[[ INPUT MATERIAL open ]]

(* Let $a\in\mathbb{O}$ have norm one. The following are equivalent: (1) ${}^*\mathbb{O}_l(a,1)$ satisfies $(x^2,x^2,x^2)=0$; (2) ${}^*\mathbb{O}_r(a,1)$ satisfies $(x^2,x^2,x^2)=0$; (3) $a^2=\pm1$. Under these conditions ${}^*\mathbb{O}_l(a,1)$ and ${}^*\mathbb{O}_r(a,1)$ are isomorphic; moreover, if $a^2=-1$ then ${}^*\mathbb{O}_l(a,1)$ has degree four.
   Context: $\mathbb{O}$ is the real octonion algebra with conjugation $\bar x$. For norm-one $a$, ${}^*\mathbb{O}_l(a,1)$ and ${}^*\mathbb{O}_r(a,1)$ are the normed space of $\mathbb{O}$ with products $x\odot y=(\bar x a)y$ and $x\odot y=\bar x(ay)$ respectively. Here $x^2=x\odot x$ and $(x,y,z)=(x\odot y)\odot z-x\odot(y\odot z)$. The degree of a finite-dimensional algebra is the smallest $n$ such that every single-generated subalgebra has dimension $\le n$. *)

From HB Require Import structures.
From mathcomp Require Import all_boot all_order all_algebra.
From mathcomp Require Import reals.
Set Implicit Arguments. Unset Strict Implicit. Unset Printing Implicit Defensive.
Import Order.TTheory GRing.Theory Num.Theory.
Local Open Scope ring_scope.

(* Real octonions, realised as 'rV[R]_8 (an R-vectType) with the Cayley-Dickson
   product on pairs of quaternions: (a,b)(c,d) = (ac - conj(d) b, da + b conj(c)).
   Coordinates 0..3 = first quaternion (1,i,j,k), 4..7 = second quaternion. *)

Section Oct.
Variable R : realType.

Record quat := Quat { q0 : R; q1 : R; q2 : R; q3 : R }.

Definition qmul (p q : quat) : quat :=
  Quat (q0 p * q0 q - q1 p * q1 q - q2 p * q2 q - q3 p * q3 q)
       (q0 p * q1 q + q1 p * q0 q + q2 p * q3 q - q3 p * q2 q)
       (q0 p * q2 q - q1 p * q3 q + q2 p * q0 q + q3 p * q1 q)
       (q0 p * q3 q + q1 p * q2 q - q2 p * q1 q + q3 p * q0 q).
Definition qadd (p q : quat) : quat :=
  Quat (q0 p + q0 q) (q1 p + q1 q) (q2 p + q2 q) (q3 p + q3 q).
Definition qopp (p : quat) : quat := Quat (- q0 p) (- q1 p) (- q2 p) (- q3 p).
Definition qconj (p : quat) : quat := Quat (q0 p) (- q1 p) (- q2 p) (- q3 p).

Definition oct := 'rV[R]_8.

Definition ocoord (x : oct) (k : nat) : R := x ord0 (inord k).
Definition ofst (x : oct) : quat := Quat (ocoord x 0) (ocoord x 1) (ocoord x 2) (ocoord x 3).
Definition osnd (x : oct) : quat := Quat (ocoord x 4) (ocoord x 5) (ocoord x 6) (ocoord x 7).
Definition of_quats (p q : quat) : oct :=
  \row_(i < 8) nth 0 [:: q0 p; q1 p; q2 p; q3 p; q0 q; q1 q; q2 q; q3 q] i.

Definition omul (x y : oct) : oct :=
  let a := ofst x in let b := osnd x in let c := ofst y in let d := osnd y in
  of_quats (qadd (qmul a c) (qopp (qmul (qconj d) b)))
           (qadd (qmul d a) (qmul b (qconj c))).

Definition oconj (x : oct) : oct :=
  \row_(i < 8) (if val i == 0%N then x ord0 i else - x ord0 i).
Definition oone : oct := \row_(i < 8) (val i == 0%N)%:R.
Definition onorm2 (x : oct) : R := \sum_(i < 8) x ord0 i ^+ 2.

Definition prodl (a : oct) (x y : oct) : oct := omul (omul (oconj x) a) y.
Definition prodr (a : oct) (x y : oct) : oct := omul (oconj x) (omul a y).

Definition sq (m : oct -> oct -> oct) (x : oct) : oct := m x x.
Definition assoc (m : oct -> oct -> oct) (x y z : oct) : oct :=
  m (m x y) z - m x (m y z).

Definition isomorphic (m1 m2 : oct -> oct -> oct) : Prop :=
  exists f : oct -> oct,
    [/\ (forall (k : R) (x y : oct), f (k *: x + y) = k *: f x + f y),
        bijective f &
        forall x y, f (m1 x y) = m2 (f x) (f y)].

Definition subalg_closed (m : oct -> oct -> oct) (U : {vspace oct}) : Prop :=
  forall u v, u \in U -> v \in U -> m u v \in U.

Definition gen_subalg (m : oct -> oct -> oct) (x : oct) (U : {vspace oct}) : Prop :=
  [/\ x \in U, subalg_closed m U &
      forall V : {vspace oct}, x \in V -> subalg_closed m V -> (U <= V)%VS].

Definition degree_bound (m : oct -> oct -> oct) (n : nat) : Prop :=
  forall x U, gen_subalg m x U -> (\dim U <= n)%N.

Definition has_degree (m : oct -> oct -> oct) (n : nat) : Prop :=
  degree_bound m n /\ forall k, degree_bound m k -> (n <= k)%N.

End Oct.
(* For every positive integer $n$, the Chinese monoid $\mathsf{Ch}_n$ satisfies every semigroup identity that is satisfied by the monoid $\mathcal U_2(\mathbb T)$ of $2\times 2$ upper triangular tropical matrices.
   Context: The Chinese monoid of rank $n$ is the monoid $\mathsf{Ch}_n=\langle a_1,\dots,a_n\rangle$ presented by the relations $a_ja_ka_i=a_ka_ja_i=a_ka_ia_j$ for all $1\le i\le j\le k\le n$. The tropical semiring is $\mathbb T=\mathbb R\cup\{-\infty\}$ with addition $\max$ and multiplication $+$; $\mathcal U_2(\mathbb T)$ is the monoid of $2\times2$ matrices over $\mathbb T$ with lower-left entry $-\infty$, under the max-plus matrix product. A semigroup identity is a pair $u=v$ of nonempty words over an alphabet $\mathcal A$; a semigroup $\mathcal S$ satisfies it if $\phi(u)=\phi(v)$ for every semigroup homomorphism $\phi:\mathcal A^+\to\mathcal S$. *)

From mathcomp Require Import all_boot.
From Stdlib Require Import Reals.

Set Implicit Arguments.
Unset Strict Implicit.
Unset Printing Implicit Defensive.

(* None represents -oo. *)
Definition trop := option R.

Definition tadd (x y : trop) : trop :=
  match x, y with
  | None, _ => y
  | _, None => x
  | Some a, Some b => Some (Rmax a b)
  end.

Definition tmul (x y : trop) : trop :=
  match x, y with
  | Some a, Some b => Some (Rplus a b)
  | _, _ => None
  end.

Definition tzero : trop := None.
Definition tone : trop := Some 0%R.

Record mat2 := Mat2 { m11 : trop; m12 : trop; m21 : trop; m22 : trop }.

Definition mat2_mul (A B : mat2) : mat2 :=
  Mat2 (tadd (tmul (m11 A) (m11 B)) (tmul (m12 A) (m21 B)))
       (tadd (tmul (m11 A) (m12 B)) (tmul (m12 A) (m22 B)))
       (tadd (tmul (m21 A) (m11 B)) (tmul (m22 A) (m21 B)))
       (tadd (tmul (m21 A) (m12 B)) (tmul (m22 A) (m22 B))).

Definition mat2_one : mat2 := Mat2 tone tzero tzero tone.

Definition is_U2 (A : mat2) : Prop := m21 A = None.

Definition mat2_eval (X : Type) (phi : X -> mat2) (w : seq X) : mat2 :=
  foldr (fun a acc => mat2_mul (phi a) acc) mat2_one w.

Definition U2T_satisfies (X : Type) (u v : seq X) : Prop :=
  forall phi : X -> mat2, (forall x, is_U2 (phi x)) ->
    mat2_eval phi u = mat2_eval phi v.

(* Generators a_1..a_n are the ordinals of 'I_n (0-based, same order).
   Ch_n = free monoid seq 'I_n modulo the congruence generated by
   a_j a_k a_i = a_k a_j a_i = a_k a_i a_j  for i <= j <= k. *)
Inductive ch_cong (n : nat) : seq 'I_n -> seq 'I_n -> Prop :=
  | ch_rel1 (p q : seq 'I_n) (i j k : 'I_n) :
      (i <= j <= k)%N ->
      ch_cong (p ++ [:: j; k; i] ++ q) (p ++ [:: k; j; i] ++ q)
  | ch_rel2 (p q : seq 'I_n) (i j k : 'I_n) :
      (i <= j <= k)%N ->
      ch_cong (p ++ [:: k; j; i] ++ q) (p ++ [:: k; i; j] ++ q)
  | ch_refl (w : seq 'I_n) : ch_cong w w
  | ch_sym (w1 w2 : seq 'I_n) : ch_cong w1 w2 -> ch_cong w2 w1
  | ch_trans (w1 w2 w3 : seq 'I_n) :
      ch_cong w1 w2 -> ch_cong w2 w3 -> ch_cong w1 w3.

(* Ch_n satisfies u = v: for every assignment of elements of Ch_n
   (given by representative words) to letters, the images of u and v
   are equal in Ch_n. *)
Definition Ch_satisfies (n : nat) (X : Type) (u v : seq X) : Prop :=
  forall phi : X -> seq 'I_n,
    ch_cong (flatten (map phi u)) (flatten (map phi v)).
(* Let $n\geq 5$, let $S$ be the set of all $3$-cycles in $S_n$, let $CAG_n=\mathrm{Cay}(A_n,S)$, and let $G_e$ be the stabilizer of the identity vertex $e$ in $\mathrm{Aut}(CAG_n)$. For $1\leq i<j<k\leq n$ put $\Delta_{i,j,k}=\{(i,j,k),(i,k,j)\}$ and $\Delta=\{\Delta_{i,j,k}\mid 1\leq i<j<k\leq n\}$. Let $L_n$ be the graph with vertex set $\Delta$ in which $\Delta_{i,j,k}$ and $\Delta_{p,q,r}$ are adjacent iff $\{i,j,k\}\cap\{p,q,r\}=\emptyset$. Each $g\in G_e$ permutes the members of $\Delta$ (i.e. maps each $\Delta_{i,j,k}$ onto some member of $\Delta$), giving an action of $G_e$ on $\Delta$; let $K$ be the kernel of this action, so $G_e/K$ is a permutation group on $\Delta$. Then $G_e/K\leq\mathrm{Aut}(L_n)$, i.e. every permutation of $\Delta$ induced by an element of $G_e$ is an automorphism of $L_n$.
   Context: For a finite group $\Gamma$ and a subset $T\subseteq\Gamma$ with $e\notin T$ and $T=T^{-1}$, the Cayley graph $\mathrm{Cay}(\Gamma,T)$ is the undirected graph with vertex set $\Gamma$ and edge set $\{\{\gamma,t\gamma\}\mid \gamma\in\Gamma, t\in T\}$. Elements of $G_e$ map $S$ (the neighbourhood of $e$) to itself. *)

From mathcomp Require Import all_boot all_fingroup all_solvable.
Set Implicit Arguments. Unset Strict Implicit. Unset Printing Implicit Defensive.
Local Open Scope group_scope.

Definition is3cycle (n : nat) (t : {perm 'I_n}) : bool :=
  [exists i : 'I_n, exists j : 'I_n, exists k : 'I_n,
     [&& i != j, j != k, i != k,
         t i == j, t j == k, t k == i &
         [forall x : 'I_n, (x \notin [:: i; j; k]) ==> (t x == x)]]].

Definition S3 (n : nat) : {set {perm 'I_n}} := [set t | is3cycle t].

Definition cag_adj (n : nat) (x y : {perm 'I_n}) : bool :=
  [&& x \in 'Alt_('I_n), y \in 'Alt_('I_n) & (y * x^-1) \in S3 n].

(* f (a permutation of the ambient type stabilising A_n) restricts to an
   automorphism of CAG_n *)
Definition is_cag_aut (n : nat) (f : {perm {perm 'I_n}}) : Prop :=
  f @: 'Alt_('I_n) = 'Alt_('I_n) /\
  forall x y, x \in 'Alt_('I_n) -> y \in 'Alt_('I_n) ->
    cag_adj (f x) (f y) = cag_adj x y.

(* Delta = { Delta_{i,j,k} } with Delta_{i,j,k} = {(i,j,k),(i,k,j)} = {t, t^-1} *)
Definition Delta (n : nat) : {set {set {perm 'I_n}}} :=
  [set [set t; t^-1] | t in S3 n].

Definition psupp (n : nat) (t : {perm 'I_n}) : {set 'I_n} := [set x | t x != x].

Definition dsupp (n : nat) (D : {set {perm 'I_n}}) : {set 'I_n} :=
  \bigcup_(t in D) psupp t.

Definition L_adj (n : nat) (D1 D2 : {set {perm 'I_n}}) : bool :=
  [&& D1 \in Delta n, D2 \in Delta n & [disjoint dsupp D1 & dsupp D2]].

From mathcomp Require Import all_boot all_fingroup alt.
From mathcomp Require Import zify.
Set Implicit Arguments. Unset Strict Implicit. Unset Printing Implicit Defensive.
Local Open Scope group_scope.

(* Since f fixes e, it permutes the neighbourhood S3 n of e, and it preserves
   adjacency between 3-cycles as well as the existence of a common neighbour in
   S3 n.  Both relations the theorem is about are expressible in these terms:
   t^-1 is the only neighbour of t that has no common neighbour with t in S3 n
   (a fifth point supplies the common neighbour otherwise), and two 3-cycles have
   disjoint supports iff they are distinct, non-adjacent and without common
   neighbour.  Everything rests on the fact that adjacent 3-cycles share at least
   two points, which follows by comparing the support of a product with the
   symmetric difference of the supports. *)

Ltac simpl_points := repeat first
  [ progress rewrite ?eqxx /=
  | match goal with
    | H : is_true (?x != ?y) |- context [?x == ?y] => rewrite (negbTE H)
    | H : is_true (?x != ?y) |- context [?y == ?x] => rewrite [y == x]eq_sym (negbTE H)
    end ]; try done.

Ltac point_cases z := simpl_points;
  repeat match goal with |- context [z == ?a] =>
    case: (eqVneq z a) => [?|?]; [subst z|]; simpl_points end.

Lemma leq_card_disjoint (T : finType) (A B C : {set T}) :
  [disjoint A & B] -> A :|: B \subset C -> #|A| + #|B| <= #|C|.
Proof. by move=> /disjoint_setI0 AB /subset_leq_card; rewrite -cardsUI AB cards0 addn0. Qed.

Section ThreeCycles.
Variable n : nat.
Implicit Types (a b c d x : 'I_n) (s t w : {perm 'I_n}).

Lemma tpermE a b x : tperm a b x = if x == a then b else if x == b then a else x.
Proof.
case: tpermP => [->|->|/eqP/negbTE xa /eqP/negbTE xb]; rewrite ?eqxx ?xa ?xb //.
by case: eqP.
Qed.

Definition cyc3 a b c : {perm 'I_n} := tperm a b * tperm a c.

Ltac cyc3_by_points := rewrite /cyc3 ?invMg ?tpermV; apply/permP;
  let z := fresh "z" in intro z; rewrite !permM ?perm1 !tpermE; point_cases z.

Lemma cyc3E a b c x : a != b -> b != c -> a != c ->
  cyc3 a b c x = if x == a then b else if x == b then c else if x == c then a else x.
Proof. by move=> ab bc ac; rewrite permM !tpermE; point_cases x. Qed.

Lemma cyc3_rot a b c : a != b -> b != c -> a != c -> cyc3 a b c = cyc3 b c a.
Proof. by move=> ab bc ac; cyc3_by_points. Qed.

Lemma cyc3_rotr a b c : a != b -> b != c -> a != c -> cyc3 a b c = cyc3 c a b.
Proof. by move=> ab bc ac; cyc3_by_points. Qed.

Lemma cyc3V a b c : a != b -> b != c -> a != c -> (cyc3 a b c)^-1 = cyc3 b a c.
Proof. by move=> ab bc ac; cyc3_by_points. Qed.

Lemma cyc3_Alt a b c : a != b -> a != c -> cyc3 a b c \in 'Alt_('I_n).
Proof. by move=> ab ac; rewrite Alt_even odd_mul_tperm odd_tperm ab ac. Qed.

Lemma cyc3_S3 a b c : a != b -> b != c -> a != c -> cyc3 a b c \in S3 n.
Proof.
move=> ab bc ac; rewrite inE; apply/existsP; exists a; apply/existsP; exists b.
apply/existsP; exists c; rewrite ab bc ac !cyc3E //; simpl_points.
apply/forallP => x; apply/implyP; rewrite !inE !negb_or => /and3P[xa xb xc].
by rewrite cyc3E //; simpl_points.
Qed.

Lemma S3_cyc3 s : s \in S3 n ->
  exists a b c, [/\ a != b, b != c, a != c & s = cyc3 a b c].
Proof.
rewrite inE => /existsP[a /existsP[b /existsP[c]]].
case/and4P=> ab bc ac /and4P[/eqP sa /eqP sb /eqP sc /forallP sfix].
exists a, b, c; split=> //; apply/permP => x; rewrite cyc3E //.
case: (eqVneq x a) => [->|xa] //; case: (eqVneq x b) => [->|xb] //.
case: (eqVneq x c) => [->|xc] //.
by apply/eqP; apply: (implyP (sfix x)); rewrite !inE !negb_or; apply/and3P.
Qed.

Lemma psupp_cyc3 a b c : a != b -> b != c -> a != c -> psupp (cyc3 a b c) = [set a; b; c].
Proof. by move=> ab bc ac; apply/setP => x; rewrite !inE cyc3E //; point_cases x. Qed.

Lemma card_psupp_S3 s : s \in S3 n -> #|psupp s| = 3.
Proof.
case/S3_cyc3 => a [b [c [ab bc ac ->]]].
by rewrite psupp_cyc3 // setUC cardsU1 cards2 !inE negb_or !(eq_sym c) ab ac bc.
Qed.

Lemma S3_cyc3_at s a : s \in S3 n -> a \in psupp s ->
  exists b c, [/\ a != b, b != c, a != c & s = cyc3 a b c].
Proof.
case/S3_cyc3 => x [y [z [xy yz xz ->]]].
have [yx zy zx] : [/\ y != x, z != y & z != x] by split; rewrite eq_sym.
rewrite psupp_cyc3 // !inE -orbA; case/or3P => /eqP->.
- by exists y, z.
- by exists z, x; rewrite cyc3_rot.
- by exists x, y; rewrite cyc3_rotr.
Qed.

Lemma S3_cyc3_pair s a b : s \in S3 n -> a \in psupp s -> b \in psupp s -> a != b ->
  exists c, [/\ a != c, b != c & s = cyc3 a b c \/ s = cyc3 b a c].
Proof.
move=> sS /(S3_cyc3_at sS)[x [y [ax xy ay ->]]].
have [xa ya yx] : [/\ x != a, y != a & y != x] by split; rewrite eq_sym.
rewrite psupp_cyc3 // !inE -orbA; case/or3P => /eqP->; first by rewrite eqxx.
- by exists y; split => //; left.
- by exists x; split => //; right; rewrite cyc3_rotr.
Qed.

Lemma psuppV s : psupp s^-1 = psupp s.
Proof.
apply/setP => x; rewrite !inE; congr negb.
by apply/eqP/eqP => E; rewrite -{1}E ?permKV // permK.
Qed.

Lemma S3V s : s \in S3 n -> s^-1 \in S3 n.
Proof. by case/S3_cyc3 => a [b [c [ab bc ac ->]]]; rewrite cyc3V // cyc3_S3 // eq_sym. Qed.

Lemma S3_Alt s : s \in S3 n -> s \in 'Alt_('I_n).
Proof. by case/S3_cyc3 => a [b [c [ab bc ac ->]]]; rewrite cyc3_Alt. Qed.

Lemma one_notin_S3 : (1 : {perm 'I_n}) \notin S3 n.
Proof.
have psupp1 : psupp (1 : {perm 'I_n}) = set0 by apply/setP => x; rewrite !inE perm1 eqxx.
by apply/negP => /card_psupp_S3; rewrite psupp1 cards0.
Qed.

Lemma S3_iter2 s x : s \in S3 n -> x \in psupp s -> s (s x) != x.
Proof. by move=> sS /(S3_cyc3_at sS)[b [c [xb bc xc ->]]]; rewrite !cyc3E //; simpl_points. Qed.

Lemma psuppDl_mul s t : psupp s :\: psupp t \subset psupp (s * t).
Proof.
apply/subsetP => x; rewrite !inE permM => /andP[/negPn/eqP tx sx].
by apply: contra sx => /eqP stx; apply/eqP/(@perm_inj _ t); rewrite stx tx.
Qed.

Lemma psuppDr_mul s t : psupp t :\: psupp s \subset psupp (s * t).
Proof. by apply/subsetP => x; rewrite !inE permM => /andP[/negPn/eqP->]. Qed.

Lemma S3_mul_meet s t : s \in S3 n -> t \in S3 n -> s * t \in S3 n ->
  1 < #|psupp s :&: psupp t|.
Proof.
move=> sS tS stS.
have disjD : [disjoint psupp s :\: psupp t & psupp t :\: psupp s].
  by rewrite disjoints_subset; apply/subsetP => x; rewrite !inE => /andP[_ ->].
have := leq_card_disjoint disjD (C := psupp (s * t)).
rewrite subUset psuppDl_mul psuppDr_mul => /(_ isT).
rewrite !cardsD [psupp t :&: _]setIC !card_psupp_S3 //; lia.
Qed.

Lemma cag_adj_S3 t s : t \in S3 n -> s \in S3 n -> cag_adj t s = (s * t^-1 \in S3 n).
Proof. by move=> /S3_Alt tA /S3_Alt sA; rewrite /cag_adj tA sA. Qed.

Lemma cag_adj1 s : cag_adj 1 s = (s \in S3 n).
Proof.
rewrite /cag_adj group1 invg1 mulg1; case sS: (s \in S3 n); rewrite ?andbF //.
by rewrite andbT S3_Alt.
Qed.

Lemma cag_adj_irr t : t \in S3 n -> cag_adj t t = false.
Proof. by move=> tS; rewrite cag_adj_S3 // mulgV (negbTE one_notin_S3). Qed.

Lemma cag_adj_meet t s : t \in S3 n -> s \in S3 n -> cag_adj t s ->
  1 < #|psupp t :&: psupp s|.
Proof.
move=> tS sS; rewrite cag_adj_S3 // => /(S3_mul_meet sS (S3V tS)).
by rewrite psuppV setIC.
Qed.

Lemma cag_adj_cyc3_same a b c d : a != b -> b != c -> a != c -> a != d -> b != d ->
  cag_adj (cyc3 a b c) (cyc3 a b d) = (d != c).
Proof.
move=> ab bc ac ad bd; have [<-|dc] := eqVneq d c; first by rewrite cag_adj_irr ?cyc3_S3.
rewrite cag_adj_S3 ?cyc3_S3 //.
have -> : cyc3 a b d * (cyc3 a b c)^-1 = cyc3 b d c by cyc3_by_points.
by rewrite cyc3_S3 // eq_sym.
Qed.

Lemma cag_adj_cyc3_opp a b c d : a != b -> b != c -> a != c -> a != d -> b != d ->
  cag_adj (cyc3 a b c) (cyc3 b a d) = (d == c).
Proof.
move=> ab bc ac ad bd; have ba : b != a by rewrite eq_sym.
rewrite cag_adj_S3 ?cyc3_S3 //; have [<-|dc] := eqVneq d c.
  have -> : cyc3 b a d * (cyc3 a b d)^-1 = cyc3 a b d by cyc3_by_points.
  by rewrite cyc3_S3.
(* otherwise the product swaps a and d, which no 3-cycle does *)
set p := _ * _; apply/negbTE/negP => pS.
have pa : p a = d by rewrite permM cyc3V // !cyc3E //; simpl_points.
have pd : p d = a by rewrite permM cyc3V // !cyc3E //; simpl_points.
by have := S3_iter2 (x := a) pS; rewrite inE pa pd eqxx eq_sym ad => /(_ isT).
Qed.
Lemma rad_sphere x : x != 0 -> Defs.rad sphere x = `|x| + 1.
Proof.
move=> x0; apply: sup_eq_max.
  by exists (antipode x); [exact: norm_antipode | exact: norm_sub_antipode].
by move=> _ [y /= y1 <-]; rewrite -y1; exact: ler_normB.
Qed.

Lemma Qset_le {F : set X} {x d d'} : d <= d' -> Qset F x d `<=` Qset F x d'.
Proof. by move=> dd' y [Fy Qy]; split => //; apply: le_trans Qy; rewrite lerB. Qed.

Lemma Qset_sphere_antipode {x d} : x != 0 -> 0 <= d ->
  Qset sphere x d (antipode x).
Proof.
move=> x0 d0; split; first exact: norm_antipode.
by rewrite rad_sphere // norm_sub_antipode // lerBlDr lerDl.
Qed.

Lemma sphere_deficit_le {x y} : x != 0 -> `|y| = 1 ->
  Num.min 1 `|x| * (2 - `|y + antipode x|) <= `|x| + 1 - `|x - y|.
Proof.
move=> x0 y1; set a := `|x|; set u := `|x|^-1 *: x.
have u1 : `|u| = 1 by exact: norm_normalize.
have xE : x = a *: u by rewrite /u scalerA mulfV ?scale1r // normr_eq0.
have a0 : 0 <= a by exact: normr_ge0.
have dC : `|u - y| = `|y - u| by rewrite distrC.
have -> : y + antipode x = y - u by [].
rewrite xE.
case: (leP 1 a) => a1.
  rewrite mul1r.
  have -> : a *: u - y = (a - 1) *: u + (u - y) by rewrite scalerBl scale1r addrA subrK.
  have := ler_normD ((a - 1) *: u) (u - y).
  rewrite normrZ u1 mulr1 ger0_norm ?subr_ge0 // dC; lra.
have -> : a *: u - y = a *: (u - y) - (1 - a) *: y.
  by rewrite scalerBr scalerBl scale1r opprB addrA subrK.
have := ler_normB (a *: (u - y)) ((1 - a) *: y).
have a1' : 0 <= 1 - a by rewrite subr_ge0 ltW.
rewrite !normrZ y1 mulr1 (ger0_norm a0) (ger0_norm a1') -dC; nra.
Qed.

[[ INPUT MATERIAL closed ]]

**ASSIGNMENT:** Reproduce exactly, and only, the part of the listing above that begins at the line with "Lemma cyc3_rotr a" and goes on through the line with "move=> sS /(S3_cyc3_at sS)[x".

**RESPONSE BELOW:**
Lemma cyc3_rotr a b c : a != b -> b != c -> a != c -> cyc3 a b c = cyc3 c a b.
Proof. by move=> ab bc ac; cyc3_by_points. Qed.

Lemma cyc3V a b c : a != b -> b != c -> a != c -> (cyc3 a b c)^-1 = cyc3 b a c.
Proof. by move=> ab bc ac; cyc3_by_points. Qed.

Lemma cyc3_Alt a b c : a != b -> a != c -> cyc3 a b c \in 'Alt_('I_n).
Proof. by move=> ab ac; rewrite Alt_even odd_mul_tperm odd_tperm ab ac. Qed.

Lemma cyc3_S3 a b c : a != b -> b != c -> a != c -> cyc3 a b c \in S3 n.
Proof.
move=> ab bc ac; rewrite inE; apply/existsP; exists a; apply/existsP; exists b.
apply/existsP; exists c; rewrite ab bc ac !cyc3E //; simpl_points.
apply/forallP => x; apply/implyP; rewrite !inE !negb_or => /and3P[xa xb xc].
by rewrite cyc3E //; simpl_points.
Qed.

Lemma S3_cyc3 s : s \in S3 n ->
  exists a b c, [/\ a != b, b != c, a != c & s = cyc3 a b c].
Proof.
rewrite inE => /existsP[a /existsP[b /existsP[c]]].
case/and4P=> ab bc ac /and4P[/eqP sa /eqP sb /eqP sc /forallP sfix].
exists a, b, c; split=> //; apply/permP => x; rewrite cyc3E //.
case: (eqVneq x a) => [->|xa] //; case: (eqVneq x b) => [->|xb] //.
case: (eqVneq x c) => [->|xc] //.
by apply/eqP; apply: (implyP (sfix x)); rewrite !inE !negb_or; apply/and3P.
Qed.

Lemma psupp_cyc3 a b c : a != b -> b != c -> a != c -> psupp (cyc3 a b c) = [set a; b; c].
Proof. by move=> ab bc ac; apply/setP => x; rewrite !inE cyc3E //; point_cases x. Qed.

Lemma card_psupp_S3 s : s \in S3 n -> #|psupp s| = 3.
Proof.
case/S3_cyc3 => a [b [c [ab bc ac ->]]].
by rewrite psupp_cyc3 // setUC cardsU1 cards2 !inE negb_or !(eq_sym c) ab ac bc.
Qed.

Lemma S3_cyc3_at s a : s \in S3 n -> a \in psupp s ->
  exists b c, [/\ a != b, b != c, a != c & s = cyc3 a b c].
Proof.
case/S3_cyc3 => x [y [z [xy yz xz ->]]].
have [yx zy zx] : [/\ y != x, z != y & z != x] by split; rewrite eq_sym.
rewrite psupp_cyc3 // !inE -orbA; case/or3P => /eqP->.
- by exists y, z.
- by exists z, x; rewrite cyc3_rot.
- by exists x, y; rewrite cyc3_rotr.
Qed.

Lemma S3_cyc3_pair s a b : s \in S3 n -> a \in psupp s -> b \in psupp s -> a != b ->
  exists c, [/\ a != c, b != c & s = cyc3 a b c \/ s = cyc3 b a c].
Proof.
move=> sS /(S3_cyc3_at sS)[x [y [ax xy ay ->]]].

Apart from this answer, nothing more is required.